Low Performance?

Hello together,

while I tried some things with Zeebe (single broker and few worker on my notebook), I noticed that a broker with no active instances produces quite a high cpu load at around 5-20% (probably depending on my zeebe.cfg). When I start many parallel workflow instances, the load of the worker nodes is very low but the broker produces all the load. And I can see only around 200 workflows instances per second on my i7, which is less than I expected.

My settings:

partitionsCount = 4
cpuThreadCount = 2
ioThreadCount = 2
reportingInterval = "5s"

Can I “tune” Zeebe for more throughput or is clustering the only option? Are there any known typical bottlenecks I can prevent?

Here are some screenshots from Grafana (clean broker without load):


Even with a “no-operation workflow” I can get 1700 completed workflows (at max) per second:

Thanks!

Greetings
Christian

Hi Christian, do you have a GitHub repo with your workers and test workflow in it? I’d like to try this.

I ran a clustering test on AWS with four nodes on Zeebe 0.15, but haven’t tried it since.

Hi Josh,

thanks for your reply!

I have the simplest imaginable setup:
57

The JobHandler is just completing the command:

    private static class NoOpHandler implements JobHandler {
        @Override
        public void handle(final JobClient client, final ActivatedJob job) {
            client.newCompleteCommand(job.getKey()).send();
        }
    }

What throughput did you achieve on AWS?

Greeting
Christian

P.S. You can find my complete worker and workflow here:

38

49

Hi @christian.achenbach,

I can confirm your observation. 200 completed workflow instances per second on a single broker is similar to our performance tests with Zeebe 0.17.0 . You could tune your benchmark a bit (e.g. partition count, CPU threads, job polling, etc.) but you can’t increase the throughput significantly (e.g. of a factor of 10). However, you can build a cluster of brokers to balance the load. This is how Zeebe can scale :slight_smile:

Regarding the const CPU load, this is caused by the job workers. We are aware of the problem and want to work on it in the feature.

Do you have any specific throughput you need to reach?
Can you use a cluster to reach your goals?

Best regards,
Philipp

Regarding the const CPU load, this is caused by the job workers. We are aware of the problem and want to work on it in the feature.

@philipp.ossler is this from grpc polling?

Hi @philipp.ossler,

thanks for your clarification.

Do you have any specific throughput you need to reach?

No, not a very specific right now. I was hoping to reach the 32.000 workflows per second like you did in the Benchmark last year. To be fair: Even with 200 “transitions” per second Zeebe would be ~100x cheaper than AWS Step Functions. But 32.000/s would be very tempting. :drooling_face:

Can you use a cluster to reach your goals?

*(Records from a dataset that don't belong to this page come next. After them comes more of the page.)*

(* One step of Phi (a ⊗ g), in terms of one step of Phi a and of Phi g;
   u and s stand for the shuffle isomorphisms on outputs and inputs. *)
Lemma stens_step {C : discard_cat} (PA PA' PAA Pa Pg PXY A A' B B' Ma Mg Ma' Mg' : Obj C)
  (Fa Fg u s al ga : Mor C) :
  dom Fa = PA -> cod Fa = ten Pa Ma -> dom Fg = PA' -> cod Fg = ten Pg Mg ->
  dom u = ten Pa Pg -> cod u = PXY -> dom s = PAA -> cod s = ten PA PA' ->
  dom al = ten A Ma -> cod al = ten B Ma' -> dom ga = ten A' Mg -> cod ga = ten B' Mg' ->
  comp (tenm (idm PXY)
          (comp (tenm (tenm (idm B) (sym Ma' B')) (idm Mg'))
             (comp (tenm al ga) (tenm (tenm (idm A) (sym A' Ma)) (idm Mg)))))
   (comp (tenm (idm PXY) (sym (ten Ma Mg) (ten A A')))
      (tenm (comp (tenm u (idm (ten Ma Mg)))
              (comp (tenm (idm Pa) (tenm (sym Ma Pg) (idm Mg))) (comp (tenm Fa Fg) s)))
            (idm (ten A A'))))
  =
  comp (tenm (comp (tenm u (idm (ten B B'))) (tenm (idm Pa) (tenm (sym B Pg) (idm B'))))
             (idm (ten Ma' Mg')))
   (comp (tenm (idm (ten Pa B)) (tenm (sym Ma' (ten Pg B')) (idm Mg')))
      (comp (tenm (comp (tenm (idm Pa) al) (comp (tenm (idm Pa) (sym Ma A)) (tenm Fa (idm A))))
                  (comp (tenm (idm Pg) ga) (comp (tenm (idm Pg) (sym Mg A')) (tenm Fg (idm A')))))
         (comp (tenm (idm PA) (tenm (sym PA' A) (idm A'))) (tenm s (idm (ten A A')))))).
Proof.
  intros.
  rewrite (tenm_split (comp (tenm (idm Pa) al) _)). mn.
  do 4 slu u. peelL.
  do 4 sld Fa.
  rewrite (tenm_split2 Fa). mn.
  cnormL. peelR. cnorm.
  pose proof (stens_step_core PA' Pg A A' B B' Ma Mg Ma' Mg' Fg al ga) as E.
  apply (f_equal (tenm (idm Pa))) in E; [|auto..]. revert E; mn; intro E. exact E.
Qed.

Lemma Phi_stens {C : discard_cat} (a g : sms C) j :
  wf_sms a -> wf_sms g ->
  Phi (stens a g) j =
  comp (tenm (shuffle (out a) (out g) (S j)) (idm (ten (mem a (S j)) (mem g (S j)))))
   (comp (tenm (idm (Pr (out a) (S j)))
               (tenm (sym (mem a (S j)) (Pr (out g) (S j))) (idm (mem g (S j)))))
     (comp (tenm (Phi a j) (Phi g j)) (unshuffle (inp a) (inp g) (S j)))).
Proof.
  intros Wa Wg. induction j as [|j IHj].
  - simpl. mn. reflexivity.
  - rewrite Phi_S, IHj, (Phi_S a j), (Phi_S g j).
    change (shuffle ?X ?Y (S (S j))) with
      (comp (tenm (shuffle X Y (S j)) (idm (ten (X (S j)) (Y (S j)))))
            (tenm (idm (Pr X (S j))) (tenm (sym (X (S j)) (Pr Y (S j))) (idm (Y (S j)))))).
    change (unshuffle ?X ?Y (S (S j))) with
      (comp (tenm (idm (Pr X (S j))) (tenm (sym (Pr Y (S j)) (X (S j))) (idm (Y (S j)))))
            (tenm (unshuffle X Y (S j)) (idm (ten (X (S j)) (Y (S j)))))).
    pose proof (stens_step (Pr (inp a) (S j)) (Pr (inp g) (S j))
       (Pr (fun k => ten (inp a k) (inp g k)) (S j))
       (Pr (out a) (S j)) (Pr (out g) (S j)) (Pr (fun k => ten (out a k) (out g k)) (S j))
       (inp a (S j)) (inp g (S j)) (out a (S j)) (out g (S j)) (mem a (S j)) (mem g (S j))
       (mem a (S (S j))) (mem g (S (S j)))
       (Phi a j) (Phi g j) (shuffle (out a) (out g) (S j)) (unshuffle (inp a) (inp g) (S j))
       (lay a (S j)) (lay g (S j))
       ltac:(dc) ltac:(dc) ltac:(dc) ltac:(dc) ltac:(dc) ltac:(dc) ltac:(dc) ltac:(dc)
       ltac:(dc) ltac:(dc) ltac:(dc) ltac:(dc)) as K.
    simpl lay. simpl mem. simpl inp. revert K. mn. intro K. exact K.
Qed.

Lemma FA_stens {C : discard_cat} (a g : sms C) k :
  wf_sms a -> wf_sms g -> 1 <= k ->
  FA k (stens a g) =
  comp (shuffle (out a) (out g) k) (comp (tenm (FA k a) (FA k g)) (unshuffle (inp a) (inp g) k)).
Proof.
  intros Wa Wg Hk. destruct k as [|j]; [lia|]. unfold FA. simpl Nat.pred.
  rewrite Phi_stens by auto. simpl mem. rewrite disc_ten, tenm_comp by dc.
  mn.
  sluW (shuffle (out a) (out g) (S j)) (@unit_obj C).
  assert (Hdisc : forall P M N : Obj C,
            comp (tenm (tenm (idm P) (disc M)) (disc N)) (tenm (sym M P) (idm N)) =
            tenm (tenm (disc M) (idm P)) (disc N)).
  { intros P M N. rewrite <- tenm_comp by dc. rewrite comp_idr' by dc.
    pose proof (sym_nat_r unit_obj P (disc M) (cod_disc _ M)) as E.
    rewrite sym_unit_l, dom_disc in E. rewrite comp_idl' in E by dc. rewrite <- E. reflexivity. }
  pose proof (Hdisc (ten (Pr (out g) j) (out g j)) (mem a (S j)) (mem g (S j))) as E.
  apply (f_equal (tenm (idm (ten (Pr (out a) j) (out a j))))) in E. revert E; mn; intro E.
  crw E. mn. reflexivity.
Qed.

Lemma Bprod_delay {C : discard_cat} (a : sms C) n : Bprod (delay a) (S n) = Bprod a n.
Proof.
  induction n as [|n IHn].
  - apply ten_unitl.
  - change (Bprod (delay a) (S (S n))) with (ten (Bprod (delay a) (S n)) (out a n)).
    rewrite IHn. reflexivity.
Qed.

Lemma Phi_delay {C : discard_cat} (a : sms C) j : wf_sms a -> Phi (delay a) (S j) = Phi a j.
Proof.
  intros Wa. induction j as [|j IHj]; rewrite Phi_S, Bprod_delay.
  - simpl. mn. reflexivity.
  - rewrite IHj. reflexivity.
Qed.

Lemma FA_delay {C : discard_cat} (a : sms C) k : wf_sms a -> 1 <= k -> FA (S k) (delay a) = FA k a.
Proof.
  intros Wa Hk. destruct k as [|k]; [lia|]. unfold FA. simpl Nat.pred.
  rewrite Phi_delay, Bprod_delay by auto. reflexivity.
Qed.

Lemma FA1_delay {C : discard_cat} (a b : sms C) : FA 1 (delay a) = FA 1 (delay b).
Proof. reflexivity. Qed.

Lemma upd_eq {T : Type} (f : nat -> T) j x : upd f j x j = x.
Proof. unfold upd. rewrite Nat.eqb_refl. reflexivity. Qed.

Lemma upd_neq {T : Type} (f : nat -> T) j x i : i <> j -> upd f j x i = f i.
Proof. intros H. unfold upd. apply Nat.eqb_neq in H. rewrite H. reflexivity. Qed.

Hint Rewrite @upd_eq : objnf mnf.
Hint Rewrite @upd_neq using lia : objnf mnf.

(* The two sides of rule (CM) at layers j, j+1: the causal c is applied
   at the end of layer j (memory M) or at the start of layer j+1 (memory N). *)
Definition cm_lhs {C : discard_cat} (a : sms C) j (M : Obj C) (bk c g : Mor C) : sms C :=
  Sms (inp a) (out a) (upd (mem a) (S j) M)
      (upd (upd (lay a) j (comp (tenm (idm (out a j)) c) bk)) (S j) g).

Definition cm_rhs {C : discard_cat} (a : sms C) j (N : Obj C) (bk c g : Mor C) : sms C :=
  Sms (inp a) (out a) (upd (mem a) (S j) N)
      (upd (upd (lay a) j bk) (S j) (comp g (tenm (idm (inp a (S j))) c))).

(* The two sides of rule (IM): the idempotent p is repeated at the start of
   layer j+1 or not. *)
Definition im_lhs {C : discard_cat} (a : sms C) j (bk p g : Mor C) : sms C :=
  Sms (inp a) (out a) (mem a)
      (upd (upd (lay a) j (comp (tenm (idm (out a j)) p) bk)) (S j) g).

Definition im_rhs {C : discard_cat} (a : sms C) j (bk p g : Mor C) : sms C :=
  Sms (inp a) (out a) (mem a)
      (upd (upd (lay a) j (comp (tenm (idm (out a j)) p) bk)) (S j)
           (comp g (tenm (idm (inp a (S j))) p))).

Ltac updsimpl :=
  cbn [lay mem inp out cm_lhs cm_rhs im_lhs im_rhs];
  repeat match goal with
         | |- context [upd ?f ?j ?x ?j] => rewrite (upd_eq f j x)
         | |- context [upd ?f ?j ?x ?i] => rewrite (upd_neq f j x i) by lia
         end.

Lemma Phi_agree_after {C : discard_cat} (x y : sms C) j :
  inp x = inp y -> out x = out y -> Phi x (S j) = Phi y (S j) ->
  (forall t, S j < t -> lay x t = lay y t /\ mem x t = mem y t) ->
  forall i, S j <= i -> Phi x i = Phi y i.
Proof.
  intros Hi Ho HSj Hlm i Hle. induction Hle as [|i Hle IH]; auto.
  destruct (Hlm (S i)) as [Hl Hm]; [lia|]. apply Phi_step_ext; auto.
Qed.

(* Rule (CM) is sound: c can be moved across the memory wire because the
   symmetry is natural, and it disappears under discarding because it is
   causal. *)
Lemma FA_cm {C : discard_cat} (a : sms C) j (bk : Mor C) (N M : Obj C) (c g : Mor C) :
  dom bk = ten (inp a j) (mem a j) -> cod bk = ten (out a j) N ->
  dom c = N -> cod c = M -> causal c ->
  dom g = ten (inp a (S j)) M -> cod g = ten (out a (S j)) (mem a (S (S j))) ->
  wf_sms (cm_lhs a j M bk c g) -> wf_sms (cm_rhs a j N bk c g) ->
  forall k, 1 <= k -> FA k (cm_lhs a j M bk c g) = FA k (cm_rhs a j N bk c g).
Proof.
  intros Hbd Hbc Hcd Hcc Hca Hgd Hgc WL WR.
  set (L := cm_lhs a j M bk c g) in *. set (R := cm_rhs a j N bk c g) in *.
  assert (BL : forall n, Bprod L n = Bprod a n) by (intros; apply Bprod_out; reflexivity).
  assert (BR : forall n, Bprod R n = Bprod a n) by (intros; apply Bprod_out; reflexivity).
  assert (Hlt : forall i, i < j -> Phi L i = Phi R i).
  { intros i Hi. apply Phi_ext; auto; intros t Ht; subst L R; updsimpl; reflexivity. }
  (* at index j, L has additionally applied c to the memory *)
  assert (Hj : Phi L j = comp (tenm (idm (Bprod a (S j))) c) (Phi R j)).
  { destruct j as [|j'].
    - subst L R. simpl. mn. reflexivity.
    - rewrite !Phi_S, BL, BR, (Hlt j') by lia.
      subst L R. updsimpl. mn. reflexivity. }
  assert (HSj : Phi L (S j) = Phi R (S j)).
  { rewrite !Phi_S, BL, BR, Hj. subst L R. updsimpl. mn.
    wk (sym_nat_r M (inp a (S j)) c Hcc) (Bprod a (S j)) (@unit_obj C). reflexivity. }
  assert (Hge : forall i, S j <= i -> Phi L i = Phi R i).
  { apply Phi_agree_after; auto. intros t Ht. subst L R. updsimpl. auto. }
  intros k Hk. destruct k as [|i]; [lia|]. unfold FA. simpl Nat.pred. rewrite BL, BR.
  destruct (Nat.lt_trichotomy i j) as [Hi|[<-|Hi]].
  - rewrite Hlt by auto. subst L R. updsimpl. reflexivity.
  - rewrite Hj. subst L R. updsimpl. mn.
    pose proof Hca as E. unfold causal in E. rewrite Hcc, Hcd in E.
    wk E (Bprod a (S i)) (@unit_obj C). reflexivity.
  - rewrite Hge by lia. subst L R. updsimpl. reflexivity.
Qed.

Do you have any recommendations for a cluster? Many very small instances, like t3.small or a few larger, like t3.xlarge?

Thank you!
Greetings,
Christian

In the benchmark, it measures only the created workflow instance. You can create more instance than completing it. To complete instances, you need to poll jobs, complete jobs and process until the end event. So, it is a lot more to do :sweat_smile:

I don’t have any experience. I would assume that it also works on a smaller machine. However, if you have more power then you can do more :wink:

Yes, the load is related to the (gPRC) job polling. Currently, the worker poll jobs constantly, even if there are no jobs. This could be improved, for example, using long-polling, back off, or job subscriptions.